Definition ozero : O := Oct 0 0 0 0.
Definition oone : O := Oct 1 0 0 1.

Lemma ord3P (j : 'I_3) : [\/ j = i0, j = i1 | j = i2].
Proof.
case: j => [[|[|[|k]]] Hk]; [apply: Or31|apply: Or32|apply: Or33|by []]; exact/val_inj.
Qed.

Lemma dot3E (u v : 'rV[F]_3) :
  dot3 u v = u 0 i0 * v 0 i0 + u 0 i1 * v 0 i1 + u 0 i2 * v 0 i2.
Proof.
rewrite /dot3 !big_ord_recr big_ord0 /= add0r.
by congr (_ * _ + _ * _ + _ * _); congr (_ 0 _); apply/val_inj.
Qed.

Lemma oct_ext x y : o_a x = o_a y -> o_b x = o_b y ->
  (forall j, o_u x 0 j = o_u y 0 j) -> (forall j, o_v x 0 j = o_v y 0 j) -> x = y.
Proof.
case: x => xa xu xv xb; case: y => ya yu yv yb /= -> -> hu hv.
by congr Oct; apply/rowP => j; [apply: hu|apply: hv].
Qed.

Lemma oct_eta x : x = Oct (o_a x) (o_u x) (o_v x) (o_b x).
Proof. by case: x. Qed.

Ltac oct_ring :=
  apply: oct_ext => /=; rewrite /otr /onorm /= ?dot3E;
  try (let j := fresh "j" in intro j; case: (ord3P j) => ->);
  rewrite /= ?mxE /= ?dot3E /=; ring.

Lemma omulDl x y z : omul (oadd x y) z = oadd (omul x z) (omul y z).
Proof. case: x y z => [????] [????] [????]; oct_ring. Qed.

Lemma omulDr x y z : omul x (oadd y z) = oadd (omul x y) (omul x z).
Proof. case: x y z => [????] [????] [????]; oct_ring. Qed.

Lemma omulZl c x y : omul (oscale c x) y = oscale c (omul x y).
Proof. case: x y => [????] [????]; oct_ring. Qed.

Lemma omulZr c x y : omul x (oscale c y) = oscale c (omul x y).
Proof. case: x y => [????] [????]; oct_ring. Qed.
Lemma mulmx_scalarE A a i j : (A *m a%:M) i j = A i j * a.
Proof.
rewrite mxE (bigD1 j) //= mxE eqxx mulr1n big1 ?addr0 // => k /negbTE kj.
by rewrite mxE kj mulr0n mulr0.
Qed.

Lemma mulmx_scalarC A a : (forall i j, A i j * a = a * A i j) -> A * a%:M = a%:M * A.
Proof. by move=> Aa; apply/matrixP => i j; rewrite mulmx_scalarE scalar_mulmxE. Qed.

Lemma mulmx_scalar_sandwich (k l : nat) (S : 'M[R]_(k, n)) (F : 'M[R]_(n, l)) A x y i j :
  (forall i j, S i j * x = x * S i j) -> (forall i j, F i j * y = y * F i j) ->
  x * (S *m A *m F) i j * y = (S *m (x%:M * A * y%:M) *m F) i j.
Proof.
move=> Sx Fy; rewrite !mxE mulr_sumr mulr_suml; apply: eq_bigr => e _.
rewrite !mxE !mulr_suml !mulr_sumr !mulr_suml; apply: eq_bigr => c _.
have -> : (x%:M * A * y%:M) c e = x * A c e * y by rewrite mulmx_scalarE scalar_mulmxE.
by rewrite !mulrA Sx -!mulrA Fy.
Qed.

End MatrixEntries.

Lemma rcat_rword (Sig : Type) (u v : seq Sig) : rcat (rword u) (rword v) = rword (u ++ v).
Proof.
apply: eq_sig_hprop => [x | /=]; first exact: proof_irrelevance.
apply: functional_extensionality => w; apply: propositional_extensionality.
by split=> [[_ [_ [-> [-> ->]]]] | ->] //; exists u, v.
Qed.

Section Centralizer.
Variables (m : nat) (T : rDioidType) (jC : rlang (Delta m) -> T).
Notation central := (centralizerC jC).
Implicit Types x y : T.

Lemma centralizerC0 : central 0.
Proof. by move=> a; rewrite mul0r mulr0. Qed.

Lemma centralizerC1 : central 1.
Proof. by move=> a; rewrite mul1r mulr1. Qed.

Lemma centralizerCD x y : central x -> central y -> central (x + y).
Proof. by move=> cx cy a; rewrite mulrDl mulrDr cx cy. Qed.

Lemma centralizerCM x y : central x -> central y -> central (x * y).
Proof. by move=> cx cy a; rewrite -mulrA cy mulrA cx mulrA. Qed.

Lemma centralizerC01 x : x = 0 \/ x = 1 -> central x.
Proof. by case=> ->; [apply: centralizerC0 | apply: centralizerC1]. Qed.

Lemma centralizerC_finsum (P : T -> Prop) x :
  (forall t, P t -> central t) -> finsum P x -> central x.
Proof. by apply: finsum_closed; [apply: centralizerC0 | apply: centralizerCD]. Qed.

(* Both x |-> x * jC a and x |-> jC a * x map s to the supremum of the image of A
   (axiom rsup_mul), and the two images coincide. *)
Lemma centralizerC_lub (A : T -> Prop) s : regular_set *%R 1 A -> is_lub A s ->
  (forall x, A x -> central x) -> central s.
Proof.
move=> regA lubA cA a; apply: is_lub_unique (is_lub_mul1r (jC a) regA lubA) _.
apply: is_lub_ext (is_lub_mul1l (jC a) regA lubA) => x.
split=> [[_ [y [-> [Ay ->]]]] | [y [_ [Ay [-> ->]]]]].
  by exists y, (jC a); rewrite cA.
by exists (jC a), y; rewrite cA.
Qed.

Lemma centralizerC_mulmx (k l r : nat) (A : 'M[T]_(k, l)) (B : 'M[T]_(l, r)) :
  (forall i j, central (A i j)) -> (forall i j, central (B i j)) ->
  forall i j, central ((A *m B) i j).
Proof.
move=> cA cB i j; rewrite mxE.
apply: (big_ind central) => [|x y|h _]; first exact: centralizerC0.
  exact: centralizerCD.
exact: centralizerCM.
Qed.

Lemma centralizerC_mxstar (n : nat) (M : 'M[T]_n) :
  (forall i j, central (M i j)) -> forall i j, central (mxstar M i j).
Proof.
move=> cM i j; apply: centralizerC_lub (regular_paths M i j) (mxstar_is_lub M i j) _.
move=> _ [[_ ->] | [s ->]]; first exact: centralizerC1.
by elim: s i => [|k s IHs] i /=; [apply: cM | apply: centralizerCM].
Qed.

End Centralizer.

Section TensorProduct.
Variables (K : rDioidType) (m : nat) (T : rDioidType).
Variables (iK : K -> T) (jC : rlang (Delta m) -> T).
Hypothesis tensorT : is_tensor iK jC.
Notation central := (centralizerC jC).
Notation p := (pgen jC).
Notation q := (qgen jC).

Lemma iK_central x : central (iK x).
Proof. by case: tensorT => _ _ iKjC _ a; apply: iKjC. Qed.

Lemma pgen_qgen i j : p i * q j = if i == j then 1 else 0.
Proof.
case: tensorT => _ [jC_rho [jC0 jC1] _ jCM _] _ _.
rewrite /pgen /qgen -jCM rcat_rword /=.
rewrite (jC_rho _ (if i == j then reps _ else rempty _)); first by case: eqP.
by move=> r _; apply.
Qed.

Lemma pgen_central_qgen k t : central t -> p k * t * q k = t.
Proof. by move=> ct; rewrite -mulrA [t * _]ct mulrA pgen_qgen eqxx mul1r. Qed.

End TensorProduct.

Section LeastSolution.
Variables (K : rDioidType) (m : nat) (T : rDioidType).
Variables (iK : K -> T) (jC : rlang (Delta m) -> T).
Hypothesis tensorT : is_tensor iK jC.
Variables (i0 : 'I_m) (n : nat) (X : 'M[K]_n) (U V : 'M[T]_n).
Hypothesis U_gen : forall a b, U a b = 0 \/ exists2 k, k != i0 & U a b = pgen jC k.
Hypothesis V_gen : forall a b, V a b = 0 \/ exists2 k, k != i0 & V a b = qgen jC k.

Notation central := (centralizerC jC).
Notation p := (pgen jC).
Notation q := (qgen jC).
Notation B := (U + map_mx iK X + V).
Implicit Types (a b c d e : 'I_n) (t w : T) (ks : seq 'I_m).

Lemma dle_U_B a b : dle (U a b) (B a b).
Proof.
by rewrite !mxE; apply: dle_trans (dle_addl addrr_idem _ _); apply: dle_addl addrr_idem _ _.
Qed.

Lemma dle_X_B a b : dle (iK (X a b)) (B a b).
Proof.
by rewrite !mxE; apply: dle_trans (dle_addl addrr_idem _ _); apply: dle_addr addrr_idem _ _.
Qed.

Lemma dle_V_B a b : dle (V a b) (B a b).
Proof. by rewrite !mxE; apply: dle_addr addrr_idem _ _. Qed.

(* [balanced a b t]: t is the weight of a path from a to b in B whose letters p_k
   (from U) and q_k (from V) are well nested, each matching pair p_k .. q_k having
   been cancelled. *)
Inductive balanced : 'I_n -> 'I_n -> T -> Prop :=
| balanced_nil a : balanced a a 1
| balanced_X a c b t : balanced c b t -> balanced a b (iK (X a c) * t)
| balanced_pq a c d e b k t1 t2 : U a c = p k -> V d e = q k ->
    balanced c d t1 -> balanced e b t2 -> balanced a b (t1 * t2).

Lemma balanced_central a b t : balanced a b t -> central t.
Proof.
elim=> {a b t} [a | a c b t _ ct | a c d e b k t1 t2 _ _ _ ct1 _ ct2].
- exact: centralizerC1.
- by apply: centralizerCM ct; apply: iK_central.
- exact: centralizerCM.
Qed.

Lemma balanced_cat a c b t1 t2 :
  balanced a c t1 -> balanced c b t2 -> balanced a b (t1 * t2).
Proof.
elim=> {a c t1} [a | a c c' t _ IHt | a c d e c' k t1 t1' Uac Vde bal1 _ _ IHt] bal2.
- by rewrite mul1r.
- by rewrite -mulrA; apply/balanced_X/IHt.
- by rewrite -mulrA; apply: balanced_pq Uac Vde bal1 (IHt bal2).
Qed.

Lemma balanced_le_path a b t : balanced a b t -> exists2 w, paths B a b w & dle t w.
Proof.
elim=> {a b t} [a | a c b t _ [w pw tw]
               | a c d e b k t1 t2 Uac Vde bal1 [w1 pw1 tw1] _ [w2 pw2 tw2]].
- by exists 1; [left | apply: (dle_refl addrr_idem)].
- by exists (B a c * w); [apply: paths_edge | apply: dle_mul (dle_X_B _ _) tw].
- exists (B a c * w1 * (B d e * w2)); first by apply: paths_cat; apply: paths_edge.
  rewrite -(pgen_central_qgen tensorT k (balanced_central bal1)) mulrA -Uac -Vde.
  by apply: dle_mul tw2; apply: dle_mul; [apply: dle_mul (dle_U_B _ _) tw1 | apply: dle_V_B].
Qed.

(* [closing b c ks t]: t is the weight of a path from c to b that, between
   balanced segments, closes the pending letters p_k, k in ks, by letters q_k of V. *)
Fixpoint closing b c ks : T -> Prop :=
  if ks is k :: ks' then fun t => exists d e t1 t2,
      [/\ balanced c d t1, V d e = q k, closing b e ks' t2 & t = t1 * t2]
  else balanced c b.

Lemma closing_cat b c d ks t1 t2 :
  balanced c d t1 -> closing b d ks t2 -> closing b c ks (t1 * t2).
Proof.
case: ks => [|k ks] /=; first exact: balanced_cat.
move=> bal1 [d' [e [s1 [s2 [bal Vde cl ->]]]]].
by exists d', e, (t1 * s1), s2; rewrite mulrA; split=> //; apply: balanced_cat bal1 bal.
Qed.

Lemma closing_X b a c ks t : closing b c ks t -> closing b a ks (iK (X a c) * t).
Proof.
case: ks => [|k ks] /=; first exact: balanced_X.
move=> [d [e [s1 [s2 [bal Vde cl ->]]]]].
by exists d, e, (iK (X a c) * s1), s2; rewrite mulrA; split=> //; apply: balanced_X.
Qed.

Lemma closing_U b c d k ks t : U c d = p k -> closing b d (k :: ks) t -> closing b c ks t.
Proof.
move=> Ucd [e [f [t1 [t2 [bal Vef cl ->]]]]].
by apply: closing_cat cl; rewrite -[t1]mulr1; apply: balanced_pq Ucd Vef bal (balanced_nil _).
Qed.

Lemma closing_V b c d k ks t : V c d = q k -> closing b d ks t -> closing b c (k :: ks) t.
Proof. by move=> Vcd cl; exists c, d, 1, t; rewrite mul1r; split=> //; apply: balanced_nil. Qed.

Fixpoint pstack ks : T := if ks is k :: ks' then pstack ks' * p k else 1.

Lemma pstack_central_comm x ks : central x -> x * pstack ks = pstack ks * x.
Proof.
move=> cx; elim: ks => [|k ks IHks] /=; first by rewrite mul1r mulr1.
by rewrite mulrA IHks -!mulrA [x * p k]cx.
Qed.

Lemma pgen_qgen_neq k l : k != l -> p k * q l = 0.
Proof. by rewrite (pgen_qgen tensorT) => /negbTE ->. Qed.

(* [reducible b c w]: reading ks as a stack of letters p_k pushed before w,
   p_0 ks w q_0 is a finite sum of weights closing ks. *)
Definition reducible b c w :=
  forall ks, i0 \notin ks -> finsum (closing b c ks) (p i0 * pstack ks * w * q i0).

Lemma reducible1 b : reducible b b 1.
Proof.
case=> [_ | k ks].
  by rewrite !mulr1 (pgen_qgen tensorT) eqxx; apply/finsum1/balanced_nil.
rewrite inE negb_or => /andP[i0k _].
by rewrite mulr1 /= -!mulrA pgen_qgen_neq 1?eq_sym // !mulr0; apply: finsum0.
Qed.

Lemma reducibleD b c w1 w2 :
  reducible b c w1 -> reducible b c w2 -> reducible b c (w1 + w2).
Proof.
by move=> r1 r2 ks ks_i0; rewrite mulrDr mulrDl; apply: finsumD; [apply: r1 | apply: r2].
Qed.

Lemma reducible_U b c d w : reducible b d w -> reducible b c (U c d * w).
Proof.
move=> rw ks ks_i0; case: (U_gen c d) => [-> | [k ki0 Ucd]].
  by rewrite mul0r mulr0 mul0r; apply: finsum0.
rewrite Ucd !mulrA -(mulrA _ (pstack ks)).
apply: finsum_sub (rw (k :: ks) _) => [t | ]; first exact: closing_U.
by rewrite inE negb_or eq_sym ki0.
Qed.

Lemma reducible_X b c d w : reducible b d w -> reducible b c (iK (X c d) * w).
Proof.
move=> rw ks ks_i0; have cX := iK_central tensorT (X c d).
have -> : p i0 * pstack ks * (iK (X c d) * w) * q i0 =
          iK (X c d) * (p i0 * pstack ks * w * q i0).
  by rewrite !mulrA -(mulrA _ _ (iK _)) -pstack_central_comm // mulrA -[p i0 * _]cX.
by apply: finsum_mull (rw _ ks_i0) => t; apply: closing_X.
Qed.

==========

● Assigned task
Repeat exactly the lines above from the one with "Lemma ord3P (j" up to and including the one with "Lemma mulmx_scalarC A". No other line belongs in the reply.

● Reply
Lemma ord3P (j : 'I_3) : [\/ j = i0, j = i1 | j = i2].
Proof.
case: j => [[|[|[|k]]] Hk]; [apply: Or31|apply: Or32|apply: Or33|by []]; exact/val_inj.
Qed.

Lemma dot3E (u v : 'rV[F]_3) :
  dot3 u v = u 0 i0 * v 0 i0 + u 0 i1 * v 0 i1 + u 0 i2 * v 0 i2.
Proof.
rewrite /dot3 !big_ord_recr big_ord0 /= add0r.
by congr (_ * _ + _ * _ + _ * _); congr (_ 0 _); apply/val_inj.
Qed.

Lemma oct_ext x y : o_a x = o_a y -> o_b x = o_b y ->
  (forall j, o_u x 0 j = o_u y 0 j) -> (forall j, o_v x 0 j = o_v y 0 j) -> x = y.
Proof.
case: x => xa xu xv xb; case: y => ya yu yv yb /= -> -> hu hv.
by congr Oct; apply/rowP => j; [apply: hu|apply: hv].
Qed.

Lemma oct_eta x : x = Oct (o_a x) (o_u x) (o_v x) (o_b x).
Proof. by case: x. Qed.

Ltac oct_ring :=
  apply: oct_ext => /=; rewrite /otr /onorm /= ?dot3E;
  try (let j := fresh "j" in intro j; case: (ord3P j) => ->);
  rewrite /= ?mxE /= ?dot3E /=; ring.

Lemma omulDl x y z : omul (oadd x y) z = oadd (omul x z) (omul y z).
Proof. case: x y z => [????] [????] [????]; oct_ring. Qed.

Lemma omulDr x y z : omul x (oadd y z) = oadd (omul x y) (omul x z).
Proof. case: x y z => [????] [????] [????]; oct_ring. Qed.

Lemma omulZl c x y : omul (oscale c x) y = oscale c (omul x y).
Proof. case: x y => [????] [????]; oct_ring. Qed.

Lemma omulZr c x y : omul x (oscale c y) = oscale c (omul x y).
Proof. case: x y => [????] [????]; oct_ring. Qed.
Lemma mulmx_scalarE A a i j : (A *m a%:M) i j = A i j * a.
Proof.
rewrite mxE (bigD1 j) //= mxE eqxx mulr1n big1 ?addr0 // => k /negbTE kj.
by rewrite mxE kj mulr0n mulr0.
Qed.

Lemma mulmx_scalarC A a : (forall i j, A i j * a = a * A i j) -> A * a%:M = a%:M * A.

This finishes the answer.